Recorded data
• • • •

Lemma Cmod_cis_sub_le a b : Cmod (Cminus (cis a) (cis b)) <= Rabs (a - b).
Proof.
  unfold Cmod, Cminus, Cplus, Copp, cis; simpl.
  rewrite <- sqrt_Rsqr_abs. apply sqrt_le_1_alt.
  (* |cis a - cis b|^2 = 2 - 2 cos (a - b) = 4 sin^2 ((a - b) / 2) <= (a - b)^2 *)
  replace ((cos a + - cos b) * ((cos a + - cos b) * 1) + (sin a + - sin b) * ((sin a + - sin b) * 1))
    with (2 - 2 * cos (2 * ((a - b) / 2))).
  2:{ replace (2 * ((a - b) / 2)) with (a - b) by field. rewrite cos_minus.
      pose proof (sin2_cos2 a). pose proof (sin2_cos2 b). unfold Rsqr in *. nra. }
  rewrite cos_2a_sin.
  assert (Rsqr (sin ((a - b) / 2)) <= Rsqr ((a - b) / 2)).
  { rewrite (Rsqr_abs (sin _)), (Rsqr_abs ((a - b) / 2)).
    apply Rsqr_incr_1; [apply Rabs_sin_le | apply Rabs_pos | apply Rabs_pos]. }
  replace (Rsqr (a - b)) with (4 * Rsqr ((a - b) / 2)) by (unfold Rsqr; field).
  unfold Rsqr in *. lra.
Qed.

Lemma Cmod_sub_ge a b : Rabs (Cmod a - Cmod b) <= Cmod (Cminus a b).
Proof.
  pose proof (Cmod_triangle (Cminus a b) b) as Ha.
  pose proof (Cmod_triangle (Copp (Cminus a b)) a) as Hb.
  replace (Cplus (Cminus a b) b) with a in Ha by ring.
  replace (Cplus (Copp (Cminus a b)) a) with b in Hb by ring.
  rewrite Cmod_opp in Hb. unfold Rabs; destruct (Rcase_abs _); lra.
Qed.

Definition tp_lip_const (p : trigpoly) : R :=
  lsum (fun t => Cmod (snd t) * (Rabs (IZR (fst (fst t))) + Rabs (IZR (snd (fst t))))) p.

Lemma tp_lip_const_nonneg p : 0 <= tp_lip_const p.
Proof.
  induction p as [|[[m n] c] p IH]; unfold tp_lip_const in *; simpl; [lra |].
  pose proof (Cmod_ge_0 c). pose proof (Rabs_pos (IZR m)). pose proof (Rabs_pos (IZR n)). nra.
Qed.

• • • •

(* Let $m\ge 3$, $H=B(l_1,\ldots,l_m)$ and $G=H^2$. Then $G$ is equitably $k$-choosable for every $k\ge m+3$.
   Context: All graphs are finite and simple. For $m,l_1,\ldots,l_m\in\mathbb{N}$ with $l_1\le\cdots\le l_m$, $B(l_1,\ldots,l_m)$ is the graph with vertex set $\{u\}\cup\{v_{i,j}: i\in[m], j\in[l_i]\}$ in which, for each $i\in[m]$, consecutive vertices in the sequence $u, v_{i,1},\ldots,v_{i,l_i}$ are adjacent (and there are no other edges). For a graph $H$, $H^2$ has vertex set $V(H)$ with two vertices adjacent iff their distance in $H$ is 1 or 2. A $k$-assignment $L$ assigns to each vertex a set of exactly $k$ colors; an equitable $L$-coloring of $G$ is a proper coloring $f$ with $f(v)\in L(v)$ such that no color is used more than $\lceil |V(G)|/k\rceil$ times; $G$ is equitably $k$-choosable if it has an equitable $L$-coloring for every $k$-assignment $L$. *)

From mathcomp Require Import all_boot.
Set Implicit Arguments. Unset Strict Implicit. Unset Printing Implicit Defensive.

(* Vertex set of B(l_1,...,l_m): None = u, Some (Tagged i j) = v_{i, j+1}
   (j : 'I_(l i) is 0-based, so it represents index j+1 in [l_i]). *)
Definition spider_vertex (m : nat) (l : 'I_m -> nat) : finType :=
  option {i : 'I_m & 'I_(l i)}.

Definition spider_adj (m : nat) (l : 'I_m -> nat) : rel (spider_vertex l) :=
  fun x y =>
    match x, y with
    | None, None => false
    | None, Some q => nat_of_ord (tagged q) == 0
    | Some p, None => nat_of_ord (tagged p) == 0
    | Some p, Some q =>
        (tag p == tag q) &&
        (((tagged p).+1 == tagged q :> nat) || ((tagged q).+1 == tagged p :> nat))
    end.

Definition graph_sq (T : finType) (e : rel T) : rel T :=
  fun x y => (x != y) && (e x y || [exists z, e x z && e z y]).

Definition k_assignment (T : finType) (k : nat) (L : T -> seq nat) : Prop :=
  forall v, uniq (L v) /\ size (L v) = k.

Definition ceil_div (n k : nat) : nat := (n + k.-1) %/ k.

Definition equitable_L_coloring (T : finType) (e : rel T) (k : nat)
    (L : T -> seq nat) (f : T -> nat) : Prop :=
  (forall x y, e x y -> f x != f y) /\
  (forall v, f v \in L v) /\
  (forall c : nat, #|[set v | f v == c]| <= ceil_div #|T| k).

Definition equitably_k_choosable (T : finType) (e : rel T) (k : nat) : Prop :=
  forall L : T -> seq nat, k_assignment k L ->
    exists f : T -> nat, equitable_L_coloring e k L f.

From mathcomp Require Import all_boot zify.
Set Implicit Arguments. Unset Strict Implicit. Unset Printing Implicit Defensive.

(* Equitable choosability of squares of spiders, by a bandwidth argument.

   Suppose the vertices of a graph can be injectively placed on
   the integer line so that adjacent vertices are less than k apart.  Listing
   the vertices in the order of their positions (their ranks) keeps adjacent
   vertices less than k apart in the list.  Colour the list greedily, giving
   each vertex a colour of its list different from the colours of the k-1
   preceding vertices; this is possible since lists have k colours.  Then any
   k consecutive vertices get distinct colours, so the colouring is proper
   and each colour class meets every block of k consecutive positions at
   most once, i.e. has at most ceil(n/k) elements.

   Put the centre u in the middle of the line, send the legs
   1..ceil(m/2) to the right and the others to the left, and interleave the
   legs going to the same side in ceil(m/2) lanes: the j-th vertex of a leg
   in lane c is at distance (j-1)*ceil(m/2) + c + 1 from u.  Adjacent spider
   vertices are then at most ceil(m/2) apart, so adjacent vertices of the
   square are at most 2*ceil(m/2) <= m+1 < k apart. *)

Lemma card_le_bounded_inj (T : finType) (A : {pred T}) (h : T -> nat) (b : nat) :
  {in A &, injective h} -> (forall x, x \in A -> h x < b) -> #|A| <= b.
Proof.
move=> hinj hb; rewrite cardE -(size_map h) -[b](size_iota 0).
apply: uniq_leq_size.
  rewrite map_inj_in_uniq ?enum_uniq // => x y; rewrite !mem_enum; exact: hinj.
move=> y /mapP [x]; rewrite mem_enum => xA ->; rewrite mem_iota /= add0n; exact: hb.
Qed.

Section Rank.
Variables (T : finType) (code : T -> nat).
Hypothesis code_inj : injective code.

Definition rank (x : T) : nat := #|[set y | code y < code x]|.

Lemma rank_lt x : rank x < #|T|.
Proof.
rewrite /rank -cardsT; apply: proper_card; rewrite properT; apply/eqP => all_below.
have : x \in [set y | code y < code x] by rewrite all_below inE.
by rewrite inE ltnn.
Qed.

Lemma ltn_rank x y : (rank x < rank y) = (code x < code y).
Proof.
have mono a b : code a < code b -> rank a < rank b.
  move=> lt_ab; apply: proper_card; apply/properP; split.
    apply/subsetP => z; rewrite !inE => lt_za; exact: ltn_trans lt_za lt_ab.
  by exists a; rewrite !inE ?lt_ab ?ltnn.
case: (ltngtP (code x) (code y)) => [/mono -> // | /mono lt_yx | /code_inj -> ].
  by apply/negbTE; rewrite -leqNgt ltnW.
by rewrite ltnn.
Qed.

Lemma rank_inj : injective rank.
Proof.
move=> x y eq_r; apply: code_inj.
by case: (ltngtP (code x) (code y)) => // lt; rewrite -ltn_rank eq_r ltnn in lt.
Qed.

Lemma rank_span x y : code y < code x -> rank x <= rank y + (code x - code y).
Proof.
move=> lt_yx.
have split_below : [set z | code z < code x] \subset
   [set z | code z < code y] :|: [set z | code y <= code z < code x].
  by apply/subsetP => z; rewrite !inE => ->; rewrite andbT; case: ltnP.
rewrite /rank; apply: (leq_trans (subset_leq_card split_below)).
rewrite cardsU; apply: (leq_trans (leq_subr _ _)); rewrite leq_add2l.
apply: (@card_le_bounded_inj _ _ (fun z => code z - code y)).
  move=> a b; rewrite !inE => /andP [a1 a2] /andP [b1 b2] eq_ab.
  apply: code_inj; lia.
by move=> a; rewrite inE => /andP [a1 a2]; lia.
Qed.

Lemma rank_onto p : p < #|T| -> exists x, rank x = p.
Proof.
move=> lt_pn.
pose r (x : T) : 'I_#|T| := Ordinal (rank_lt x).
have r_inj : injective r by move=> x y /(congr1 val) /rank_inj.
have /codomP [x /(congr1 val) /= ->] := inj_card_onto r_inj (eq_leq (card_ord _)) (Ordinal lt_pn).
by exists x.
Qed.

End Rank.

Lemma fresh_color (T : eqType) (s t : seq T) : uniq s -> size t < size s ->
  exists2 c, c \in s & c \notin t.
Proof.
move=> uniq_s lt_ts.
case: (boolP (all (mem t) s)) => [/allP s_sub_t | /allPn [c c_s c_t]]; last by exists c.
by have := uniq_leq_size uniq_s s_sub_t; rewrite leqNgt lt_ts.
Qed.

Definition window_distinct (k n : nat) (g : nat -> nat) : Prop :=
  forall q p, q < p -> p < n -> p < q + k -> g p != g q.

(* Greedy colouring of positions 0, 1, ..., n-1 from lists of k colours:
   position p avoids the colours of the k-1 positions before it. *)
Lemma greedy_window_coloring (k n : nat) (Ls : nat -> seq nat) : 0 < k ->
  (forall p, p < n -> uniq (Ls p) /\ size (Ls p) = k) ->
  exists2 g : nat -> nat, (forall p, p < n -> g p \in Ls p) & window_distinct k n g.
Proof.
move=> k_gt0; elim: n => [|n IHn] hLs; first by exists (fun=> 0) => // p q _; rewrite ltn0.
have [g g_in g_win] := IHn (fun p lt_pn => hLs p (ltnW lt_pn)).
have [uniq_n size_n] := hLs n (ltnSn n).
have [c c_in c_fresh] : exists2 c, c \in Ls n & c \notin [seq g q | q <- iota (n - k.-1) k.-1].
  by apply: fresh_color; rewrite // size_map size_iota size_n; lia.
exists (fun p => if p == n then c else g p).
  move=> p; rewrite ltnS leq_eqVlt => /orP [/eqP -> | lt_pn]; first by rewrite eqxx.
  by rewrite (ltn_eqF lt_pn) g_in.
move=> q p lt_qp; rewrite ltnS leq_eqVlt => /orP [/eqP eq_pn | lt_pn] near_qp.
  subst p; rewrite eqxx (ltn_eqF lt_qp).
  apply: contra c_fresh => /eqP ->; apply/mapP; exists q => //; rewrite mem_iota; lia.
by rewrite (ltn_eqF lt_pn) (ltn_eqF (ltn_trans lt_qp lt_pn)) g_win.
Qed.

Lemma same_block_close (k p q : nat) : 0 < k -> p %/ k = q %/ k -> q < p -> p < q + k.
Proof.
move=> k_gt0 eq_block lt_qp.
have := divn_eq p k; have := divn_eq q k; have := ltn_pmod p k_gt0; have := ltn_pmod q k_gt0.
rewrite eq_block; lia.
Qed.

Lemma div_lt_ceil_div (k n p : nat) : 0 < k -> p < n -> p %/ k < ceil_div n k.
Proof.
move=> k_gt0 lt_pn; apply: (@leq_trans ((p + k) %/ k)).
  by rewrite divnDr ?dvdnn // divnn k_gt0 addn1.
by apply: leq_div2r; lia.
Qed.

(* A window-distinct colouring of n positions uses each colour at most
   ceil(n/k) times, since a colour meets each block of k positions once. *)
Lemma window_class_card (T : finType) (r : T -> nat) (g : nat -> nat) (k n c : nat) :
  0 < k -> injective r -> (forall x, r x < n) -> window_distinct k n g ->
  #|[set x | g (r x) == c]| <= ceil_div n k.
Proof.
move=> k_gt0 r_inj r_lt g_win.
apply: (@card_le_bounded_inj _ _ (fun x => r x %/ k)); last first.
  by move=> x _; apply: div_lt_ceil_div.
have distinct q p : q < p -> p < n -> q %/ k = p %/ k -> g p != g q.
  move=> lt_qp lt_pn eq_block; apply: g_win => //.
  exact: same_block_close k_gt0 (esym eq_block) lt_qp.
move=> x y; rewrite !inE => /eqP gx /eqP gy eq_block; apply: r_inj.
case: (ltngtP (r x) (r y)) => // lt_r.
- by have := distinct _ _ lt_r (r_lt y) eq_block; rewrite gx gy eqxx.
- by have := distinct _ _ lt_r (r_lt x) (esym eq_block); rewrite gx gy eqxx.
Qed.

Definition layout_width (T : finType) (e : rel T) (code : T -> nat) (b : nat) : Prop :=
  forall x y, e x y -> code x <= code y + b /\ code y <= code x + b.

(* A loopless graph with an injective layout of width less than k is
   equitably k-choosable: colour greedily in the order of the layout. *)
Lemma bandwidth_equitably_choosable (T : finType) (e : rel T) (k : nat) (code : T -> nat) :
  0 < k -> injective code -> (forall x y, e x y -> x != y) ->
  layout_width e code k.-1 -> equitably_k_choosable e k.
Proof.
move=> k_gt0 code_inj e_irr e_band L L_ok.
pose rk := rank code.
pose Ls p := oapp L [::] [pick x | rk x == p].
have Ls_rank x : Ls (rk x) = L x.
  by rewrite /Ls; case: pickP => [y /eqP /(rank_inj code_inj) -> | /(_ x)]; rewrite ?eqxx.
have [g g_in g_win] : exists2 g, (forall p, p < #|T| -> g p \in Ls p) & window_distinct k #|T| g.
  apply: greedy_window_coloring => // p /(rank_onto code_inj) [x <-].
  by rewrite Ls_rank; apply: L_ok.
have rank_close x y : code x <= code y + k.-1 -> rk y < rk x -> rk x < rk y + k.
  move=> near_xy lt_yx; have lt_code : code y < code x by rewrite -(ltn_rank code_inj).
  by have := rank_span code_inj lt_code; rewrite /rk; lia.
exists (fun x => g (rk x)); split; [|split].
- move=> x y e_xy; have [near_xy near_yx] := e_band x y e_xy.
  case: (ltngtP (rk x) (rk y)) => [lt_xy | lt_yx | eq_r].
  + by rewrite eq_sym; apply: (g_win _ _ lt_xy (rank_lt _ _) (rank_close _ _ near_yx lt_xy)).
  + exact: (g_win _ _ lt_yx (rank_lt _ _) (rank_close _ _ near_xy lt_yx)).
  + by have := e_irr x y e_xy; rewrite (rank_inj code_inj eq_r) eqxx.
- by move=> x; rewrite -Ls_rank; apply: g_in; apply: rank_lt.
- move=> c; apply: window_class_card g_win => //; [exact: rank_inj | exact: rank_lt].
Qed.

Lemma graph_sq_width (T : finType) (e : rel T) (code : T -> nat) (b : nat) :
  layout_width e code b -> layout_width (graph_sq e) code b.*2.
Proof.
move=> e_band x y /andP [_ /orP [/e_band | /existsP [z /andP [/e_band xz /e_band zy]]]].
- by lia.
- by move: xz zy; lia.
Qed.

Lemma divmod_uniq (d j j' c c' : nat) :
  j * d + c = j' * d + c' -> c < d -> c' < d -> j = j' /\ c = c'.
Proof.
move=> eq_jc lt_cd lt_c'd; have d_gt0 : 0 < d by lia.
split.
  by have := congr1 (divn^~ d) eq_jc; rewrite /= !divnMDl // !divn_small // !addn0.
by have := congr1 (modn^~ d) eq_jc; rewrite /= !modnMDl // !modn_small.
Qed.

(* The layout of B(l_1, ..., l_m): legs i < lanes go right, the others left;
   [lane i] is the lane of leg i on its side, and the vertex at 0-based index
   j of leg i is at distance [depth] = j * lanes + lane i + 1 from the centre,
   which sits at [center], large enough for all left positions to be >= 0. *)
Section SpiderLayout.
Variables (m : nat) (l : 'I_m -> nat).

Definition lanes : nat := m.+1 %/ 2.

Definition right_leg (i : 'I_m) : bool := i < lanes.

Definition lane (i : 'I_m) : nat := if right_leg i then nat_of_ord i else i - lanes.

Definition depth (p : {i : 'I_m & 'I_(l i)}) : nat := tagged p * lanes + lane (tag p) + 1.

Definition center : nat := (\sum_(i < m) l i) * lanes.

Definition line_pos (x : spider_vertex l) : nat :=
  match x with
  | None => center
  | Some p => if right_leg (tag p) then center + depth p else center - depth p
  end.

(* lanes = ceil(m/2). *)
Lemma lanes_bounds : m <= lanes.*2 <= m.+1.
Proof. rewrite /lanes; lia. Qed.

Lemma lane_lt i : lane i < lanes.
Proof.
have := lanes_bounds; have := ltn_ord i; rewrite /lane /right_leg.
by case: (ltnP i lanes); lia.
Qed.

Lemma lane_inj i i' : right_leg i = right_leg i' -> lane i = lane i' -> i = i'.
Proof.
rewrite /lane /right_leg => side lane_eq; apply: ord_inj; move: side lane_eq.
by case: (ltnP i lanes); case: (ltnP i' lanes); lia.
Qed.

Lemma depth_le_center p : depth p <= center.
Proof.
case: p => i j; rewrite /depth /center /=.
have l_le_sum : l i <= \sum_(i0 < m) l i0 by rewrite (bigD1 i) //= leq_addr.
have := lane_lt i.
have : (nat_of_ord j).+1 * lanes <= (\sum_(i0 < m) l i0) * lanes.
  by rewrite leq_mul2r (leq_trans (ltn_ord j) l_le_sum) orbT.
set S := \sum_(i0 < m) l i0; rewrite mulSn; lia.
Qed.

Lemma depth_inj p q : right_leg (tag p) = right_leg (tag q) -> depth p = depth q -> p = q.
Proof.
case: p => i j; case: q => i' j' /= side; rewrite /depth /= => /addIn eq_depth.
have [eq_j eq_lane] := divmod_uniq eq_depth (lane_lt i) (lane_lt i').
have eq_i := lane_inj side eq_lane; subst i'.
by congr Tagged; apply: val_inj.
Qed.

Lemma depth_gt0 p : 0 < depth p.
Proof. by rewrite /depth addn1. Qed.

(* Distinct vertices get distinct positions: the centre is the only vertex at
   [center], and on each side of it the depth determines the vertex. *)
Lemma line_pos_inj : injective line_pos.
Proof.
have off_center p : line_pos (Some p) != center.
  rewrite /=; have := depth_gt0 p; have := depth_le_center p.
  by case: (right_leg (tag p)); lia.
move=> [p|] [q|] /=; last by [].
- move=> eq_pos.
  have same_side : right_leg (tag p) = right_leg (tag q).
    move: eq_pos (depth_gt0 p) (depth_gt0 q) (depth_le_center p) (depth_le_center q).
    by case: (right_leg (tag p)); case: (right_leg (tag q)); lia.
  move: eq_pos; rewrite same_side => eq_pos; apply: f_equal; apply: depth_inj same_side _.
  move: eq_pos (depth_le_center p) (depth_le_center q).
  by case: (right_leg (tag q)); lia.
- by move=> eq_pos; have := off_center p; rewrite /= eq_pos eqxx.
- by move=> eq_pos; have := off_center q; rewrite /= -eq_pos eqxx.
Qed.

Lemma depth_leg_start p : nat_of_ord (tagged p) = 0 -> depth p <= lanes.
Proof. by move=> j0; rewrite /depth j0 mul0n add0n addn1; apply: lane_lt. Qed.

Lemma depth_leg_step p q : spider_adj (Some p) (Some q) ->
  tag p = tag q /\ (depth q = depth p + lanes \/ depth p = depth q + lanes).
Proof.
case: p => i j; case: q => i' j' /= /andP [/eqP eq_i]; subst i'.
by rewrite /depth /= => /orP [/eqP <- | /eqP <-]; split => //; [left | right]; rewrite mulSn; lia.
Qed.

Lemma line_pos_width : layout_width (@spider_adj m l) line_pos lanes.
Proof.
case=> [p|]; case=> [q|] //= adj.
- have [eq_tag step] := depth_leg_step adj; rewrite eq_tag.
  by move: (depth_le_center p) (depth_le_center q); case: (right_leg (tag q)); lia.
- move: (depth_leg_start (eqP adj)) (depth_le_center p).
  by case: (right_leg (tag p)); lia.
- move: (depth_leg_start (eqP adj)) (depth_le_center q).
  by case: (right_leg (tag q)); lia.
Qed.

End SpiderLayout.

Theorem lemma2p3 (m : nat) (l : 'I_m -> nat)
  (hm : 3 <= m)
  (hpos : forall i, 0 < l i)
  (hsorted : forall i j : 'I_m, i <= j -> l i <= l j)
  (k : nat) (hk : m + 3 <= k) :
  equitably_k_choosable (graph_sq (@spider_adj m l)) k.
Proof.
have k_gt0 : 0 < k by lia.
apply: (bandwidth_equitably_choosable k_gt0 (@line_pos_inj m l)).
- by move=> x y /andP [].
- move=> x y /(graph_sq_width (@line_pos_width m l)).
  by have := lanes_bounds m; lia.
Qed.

• • • •

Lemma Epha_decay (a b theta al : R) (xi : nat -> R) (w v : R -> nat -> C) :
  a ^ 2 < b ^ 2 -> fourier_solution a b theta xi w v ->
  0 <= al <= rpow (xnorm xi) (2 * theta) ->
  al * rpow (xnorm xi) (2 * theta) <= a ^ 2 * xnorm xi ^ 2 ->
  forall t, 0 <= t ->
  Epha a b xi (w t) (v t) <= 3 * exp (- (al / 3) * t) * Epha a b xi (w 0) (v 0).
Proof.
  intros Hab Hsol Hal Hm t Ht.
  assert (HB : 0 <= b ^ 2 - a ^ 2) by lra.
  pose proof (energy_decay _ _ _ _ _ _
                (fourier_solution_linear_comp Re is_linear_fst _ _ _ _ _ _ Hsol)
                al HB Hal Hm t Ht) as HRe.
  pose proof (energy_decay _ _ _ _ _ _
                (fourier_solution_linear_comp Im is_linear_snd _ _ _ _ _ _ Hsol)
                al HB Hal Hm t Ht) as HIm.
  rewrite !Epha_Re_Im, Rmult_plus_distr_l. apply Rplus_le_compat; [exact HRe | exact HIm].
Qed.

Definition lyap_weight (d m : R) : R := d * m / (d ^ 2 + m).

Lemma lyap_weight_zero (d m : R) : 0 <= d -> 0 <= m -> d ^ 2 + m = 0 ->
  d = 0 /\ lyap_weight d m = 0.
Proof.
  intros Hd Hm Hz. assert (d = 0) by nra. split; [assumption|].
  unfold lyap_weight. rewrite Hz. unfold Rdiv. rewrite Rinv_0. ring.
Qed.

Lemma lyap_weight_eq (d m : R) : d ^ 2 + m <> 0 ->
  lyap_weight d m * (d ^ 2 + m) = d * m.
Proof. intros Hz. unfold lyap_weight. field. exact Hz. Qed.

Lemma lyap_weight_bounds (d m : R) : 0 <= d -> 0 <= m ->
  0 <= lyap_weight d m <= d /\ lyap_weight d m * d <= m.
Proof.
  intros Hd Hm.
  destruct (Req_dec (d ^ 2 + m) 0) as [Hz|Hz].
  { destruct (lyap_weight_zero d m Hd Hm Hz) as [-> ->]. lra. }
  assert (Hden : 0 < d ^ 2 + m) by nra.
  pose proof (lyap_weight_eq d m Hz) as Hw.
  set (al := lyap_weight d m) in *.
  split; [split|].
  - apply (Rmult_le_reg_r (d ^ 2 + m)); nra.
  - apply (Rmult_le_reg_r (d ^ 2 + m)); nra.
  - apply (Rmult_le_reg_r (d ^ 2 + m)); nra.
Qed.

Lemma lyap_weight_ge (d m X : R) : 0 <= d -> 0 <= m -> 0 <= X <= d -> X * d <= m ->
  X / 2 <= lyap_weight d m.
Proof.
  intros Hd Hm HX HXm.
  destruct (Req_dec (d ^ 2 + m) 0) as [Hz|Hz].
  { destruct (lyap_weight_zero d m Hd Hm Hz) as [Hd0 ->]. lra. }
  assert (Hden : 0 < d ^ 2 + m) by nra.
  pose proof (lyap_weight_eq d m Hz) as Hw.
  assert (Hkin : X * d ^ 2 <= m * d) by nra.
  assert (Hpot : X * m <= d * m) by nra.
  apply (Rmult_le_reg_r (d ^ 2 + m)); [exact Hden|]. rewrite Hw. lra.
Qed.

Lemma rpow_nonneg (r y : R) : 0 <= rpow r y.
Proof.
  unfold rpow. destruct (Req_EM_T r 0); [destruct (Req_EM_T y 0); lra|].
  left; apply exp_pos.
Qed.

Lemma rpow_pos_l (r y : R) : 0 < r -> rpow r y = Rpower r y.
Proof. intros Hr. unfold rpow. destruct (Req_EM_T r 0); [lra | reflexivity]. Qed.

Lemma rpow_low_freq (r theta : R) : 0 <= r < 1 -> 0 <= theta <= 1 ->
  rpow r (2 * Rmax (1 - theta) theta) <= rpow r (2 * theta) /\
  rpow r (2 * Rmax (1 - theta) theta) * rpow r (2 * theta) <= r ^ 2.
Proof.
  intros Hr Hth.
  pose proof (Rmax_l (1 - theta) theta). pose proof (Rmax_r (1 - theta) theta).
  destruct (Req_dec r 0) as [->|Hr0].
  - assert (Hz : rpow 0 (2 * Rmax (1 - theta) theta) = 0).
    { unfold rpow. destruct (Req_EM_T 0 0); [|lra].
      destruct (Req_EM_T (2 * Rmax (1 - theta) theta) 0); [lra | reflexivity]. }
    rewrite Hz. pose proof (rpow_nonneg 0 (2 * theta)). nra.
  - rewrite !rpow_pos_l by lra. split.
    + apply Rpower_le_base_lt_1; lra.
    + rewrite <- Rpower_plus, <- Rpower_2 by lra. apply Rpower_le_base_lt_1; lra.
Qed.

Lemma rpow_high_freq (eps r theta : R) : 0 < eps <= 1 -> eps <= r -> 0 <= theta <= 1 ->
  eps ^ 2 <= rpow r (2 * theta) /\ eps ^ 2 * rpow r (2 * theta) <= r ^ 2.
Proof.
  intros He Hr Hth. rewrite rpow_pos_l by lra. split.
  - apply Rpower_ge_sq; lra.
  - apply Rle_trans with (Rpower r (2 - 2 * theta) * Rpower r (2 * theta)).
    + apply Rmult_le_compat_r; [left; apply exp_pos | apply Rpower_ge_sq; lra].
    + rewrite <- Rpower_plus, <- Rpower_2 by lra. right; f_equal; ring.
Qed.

• • • •

What to do »
What are the lines above, starting at the one with "by move=> x _; apply: div_lt_ceil_div." and ending at the one with "pose Ls p := oapp"? Give them again exactly, and only them.

Result for this task »
  by move=> x _; apply: div_lt_ceil_div.
have distinct q p : q < p -> p < n -> q %/ k = p %/ k -> g p != g q.
  move=> lt_qp lt_pn eq_block; apply: g_win => //.
  exact: same_block_close k_gt0 (esym eq_block) lt_qp.
move=> x y; rewrite !inE => /eqP gx /eqP gy eq_block; apply: r_inj.
case: (ltngtP (r x) (r y)) => // lt_r.
- by have := distinct _ _ lt_r (r_lt y) eq_block; rewrite gx gy eqxx.
- by have := distinct _ _ lt_r (r_lt x) (esym eq_block); rewrite gx gy eqxx.
Qed.

Definition layout_width (T : finType) (e : rel T) (code : T -> nat) (b : nat) : Prop :=
  forall x y, e x y -> code x <= code y + b /\ code y <= code x + b.

(* A loopless graph with an injective layout of width less than k is
   equitably k-choosable: colour greedily in the order of the layout. *)
Lemma bandwidth_equitably_choosable (T : finType) (e : rel T) (k : nat) (code : T -> nat) :
  0 < k -> injective code -> (forall x y, e x y -> x != y) ->
  layout_width e code k.-1 -> equitably_k_choosable e k.
Proof.
move=> k_gt0 code_inj e_irr e_band L L_ok.
pose rk := rank code.
pose Ls p := oapp L [::] [pick x | rk x == p].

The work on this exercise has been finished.